(Dataset entries)

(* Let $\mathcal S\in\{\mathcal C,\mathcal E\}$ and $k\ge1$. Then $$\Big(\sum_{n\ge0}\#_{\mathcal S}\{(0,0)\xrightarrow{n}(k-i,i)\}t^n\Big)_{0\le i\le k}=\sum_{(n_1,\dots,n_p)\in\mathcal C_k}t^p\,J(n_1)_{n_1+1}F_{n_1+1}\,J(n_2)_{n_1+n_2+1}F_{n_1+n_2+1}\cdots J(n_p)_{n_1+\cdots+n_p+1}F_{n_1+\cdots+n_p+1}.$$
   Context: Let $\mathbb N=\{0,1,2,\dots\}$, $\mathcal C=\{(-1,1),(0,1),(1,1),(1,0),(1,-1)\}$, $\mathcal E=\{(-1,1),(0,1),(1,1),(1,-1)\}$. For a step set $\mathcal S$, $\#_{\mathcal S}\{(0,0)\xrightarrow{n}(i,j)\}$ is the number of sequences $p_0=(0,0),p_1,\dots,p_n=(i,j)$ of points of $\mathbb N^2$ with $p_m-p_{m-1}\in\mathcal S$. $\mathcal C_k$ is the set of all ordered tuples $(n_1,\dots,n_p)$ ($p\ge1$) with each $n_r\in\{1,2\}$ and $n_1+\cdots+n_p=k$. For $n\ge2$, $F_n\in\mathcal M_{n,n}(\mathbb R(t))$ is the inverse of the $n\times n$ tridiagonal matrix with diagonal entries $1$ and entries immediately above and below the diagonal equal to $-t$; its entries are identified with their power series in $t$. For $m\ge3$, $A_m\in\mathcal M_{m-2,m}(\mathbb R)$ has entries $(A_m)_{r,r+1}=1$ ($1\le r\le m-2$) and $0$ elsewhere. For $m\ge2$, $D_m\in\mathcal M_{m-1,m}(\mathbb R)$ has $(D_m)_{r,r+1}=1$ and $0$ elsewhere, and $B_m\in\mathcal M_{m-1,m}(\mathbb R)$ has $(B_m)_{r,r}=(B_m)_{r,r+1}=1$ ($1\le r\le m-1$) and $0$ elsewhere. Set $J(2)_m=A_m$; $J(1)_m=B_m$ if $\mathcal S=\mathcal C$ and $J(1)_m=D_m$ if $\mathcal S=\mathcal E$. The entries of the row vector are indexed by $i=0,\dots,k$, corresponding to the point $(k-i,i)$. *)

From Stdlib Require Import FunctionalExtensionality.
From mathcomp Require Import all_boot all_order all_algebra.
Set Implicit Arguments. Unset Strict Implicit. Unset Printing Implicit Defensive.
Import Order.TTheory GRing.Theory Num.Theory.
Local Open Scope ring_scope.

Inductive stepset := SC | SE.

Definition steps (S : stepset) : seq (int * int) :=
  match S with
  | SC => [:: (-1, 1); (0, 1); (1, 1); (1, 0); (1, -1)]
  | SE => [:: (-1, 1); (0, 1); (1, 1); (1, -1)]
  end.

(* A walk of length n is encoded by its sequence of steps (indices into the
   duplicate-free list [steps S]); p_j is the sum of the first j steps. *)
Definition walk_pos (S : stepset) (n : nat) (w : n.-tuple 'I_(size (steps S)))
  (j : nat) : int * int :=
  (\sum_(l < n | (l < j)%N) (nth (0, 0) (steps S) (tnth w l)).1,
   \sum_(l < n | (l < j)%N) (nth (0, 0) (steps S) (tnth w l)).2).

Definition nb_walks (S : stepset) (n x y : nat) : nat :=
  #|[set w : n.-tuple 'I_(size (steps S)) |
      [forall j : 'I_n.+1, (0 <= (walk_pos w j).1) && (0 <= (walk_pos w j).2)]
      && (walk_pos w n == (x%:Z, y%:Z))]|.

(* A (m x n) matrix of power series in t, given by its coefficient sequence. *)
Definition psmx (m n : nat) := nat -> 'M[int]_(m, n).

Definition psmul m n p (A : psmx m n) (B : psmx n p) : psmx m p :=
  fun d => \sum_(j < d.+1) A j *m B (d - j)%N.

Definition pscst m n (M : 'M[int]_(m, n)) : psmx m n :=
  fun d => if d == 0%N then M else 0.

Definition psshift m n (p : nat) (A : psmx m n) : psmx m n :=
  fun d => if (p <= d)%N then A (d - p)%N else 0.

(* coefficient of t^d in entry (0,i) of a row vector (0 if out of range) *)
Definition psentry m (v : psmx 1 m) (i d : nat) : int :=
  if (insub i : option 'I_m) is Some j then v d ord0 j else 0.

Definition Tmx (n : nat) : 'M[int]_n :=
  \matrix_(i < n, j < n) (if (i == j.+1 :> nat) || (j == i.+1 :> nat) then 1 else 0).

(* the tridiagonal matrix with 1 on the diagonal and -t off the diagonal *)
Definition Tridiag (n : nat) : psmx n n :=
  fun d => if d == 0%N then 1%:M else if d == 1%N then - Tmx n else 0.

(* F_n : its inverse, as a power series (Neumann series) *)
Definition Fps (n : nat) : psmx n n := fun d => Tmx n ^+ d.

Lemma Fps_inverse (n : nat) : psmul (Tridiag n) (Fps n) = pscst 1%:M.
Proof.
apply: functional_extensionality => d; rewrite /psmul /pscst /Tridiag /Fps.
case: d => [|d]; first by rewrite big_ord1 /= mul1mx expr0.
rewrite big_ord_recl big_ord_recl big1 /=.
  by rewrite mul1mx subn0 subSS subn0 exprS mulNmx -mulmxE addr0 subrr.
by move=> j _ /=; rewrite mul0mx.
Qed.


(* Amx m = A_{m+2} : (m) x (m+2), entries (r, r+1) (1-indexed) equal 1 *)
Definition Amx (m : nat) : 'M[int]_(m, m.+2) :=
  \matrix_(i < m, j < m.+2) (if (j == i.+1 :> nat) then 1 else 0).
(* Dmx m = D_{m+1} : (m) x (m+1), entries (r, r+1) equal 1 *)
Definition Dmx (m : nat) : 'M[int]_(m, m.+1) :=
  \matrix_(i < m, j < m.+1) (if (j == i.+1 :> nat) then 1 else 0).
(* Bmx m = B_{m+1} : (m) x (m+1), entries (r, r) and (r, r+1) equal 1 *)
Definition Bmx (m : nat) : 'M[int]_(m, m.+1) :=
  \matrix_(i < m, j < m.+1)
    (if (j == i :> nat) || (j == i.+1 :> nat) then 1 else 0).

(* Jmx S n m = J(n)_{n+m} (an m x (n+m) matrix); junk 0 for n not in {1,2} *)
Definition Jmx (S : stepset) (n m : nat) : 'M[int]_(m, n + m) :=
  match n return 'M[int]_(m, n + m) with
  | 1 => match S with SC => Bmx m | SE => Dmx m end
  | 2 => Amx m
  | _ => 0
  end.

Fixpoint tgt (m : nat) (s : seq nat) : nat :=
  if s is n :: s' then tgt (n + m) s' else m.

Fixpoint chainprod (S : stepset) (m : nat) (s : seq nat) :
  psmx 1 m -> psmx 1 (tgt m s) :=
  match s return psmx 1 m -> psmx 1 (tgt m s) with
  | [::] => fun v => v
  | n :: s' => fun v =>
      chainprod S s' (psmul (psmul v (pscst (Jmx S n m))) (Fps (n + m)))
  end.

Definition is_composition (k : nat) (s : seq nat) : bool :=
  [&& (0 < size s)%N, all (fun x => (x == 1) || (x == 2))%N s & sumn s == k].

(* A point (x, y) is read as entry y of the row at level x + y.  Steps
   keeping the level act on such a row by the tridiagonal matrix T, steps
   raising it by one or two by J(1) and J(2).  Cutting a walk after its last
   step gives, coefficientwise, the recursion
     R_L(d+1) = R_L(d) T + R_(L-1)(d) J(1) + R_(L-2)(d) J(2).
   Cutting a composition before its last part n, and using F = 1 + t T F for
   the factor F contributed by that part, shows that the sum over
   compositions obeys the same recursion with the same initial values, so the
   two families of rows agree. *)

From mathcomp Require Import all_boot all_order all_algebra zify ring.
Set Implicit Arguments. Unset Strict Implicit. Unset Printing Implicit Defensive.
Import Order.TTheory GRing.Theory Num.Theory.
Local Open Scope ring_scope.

**TASK BRIEF**
Write out every line from the data above that includes "first".

**RESPONSE TO THE TASK**
   duplicate-free list [steps S]); p_j is the sum of the first j steps. *)
case: d => [|d]; first by rewrite big_ord1 /= mul1mx expr0.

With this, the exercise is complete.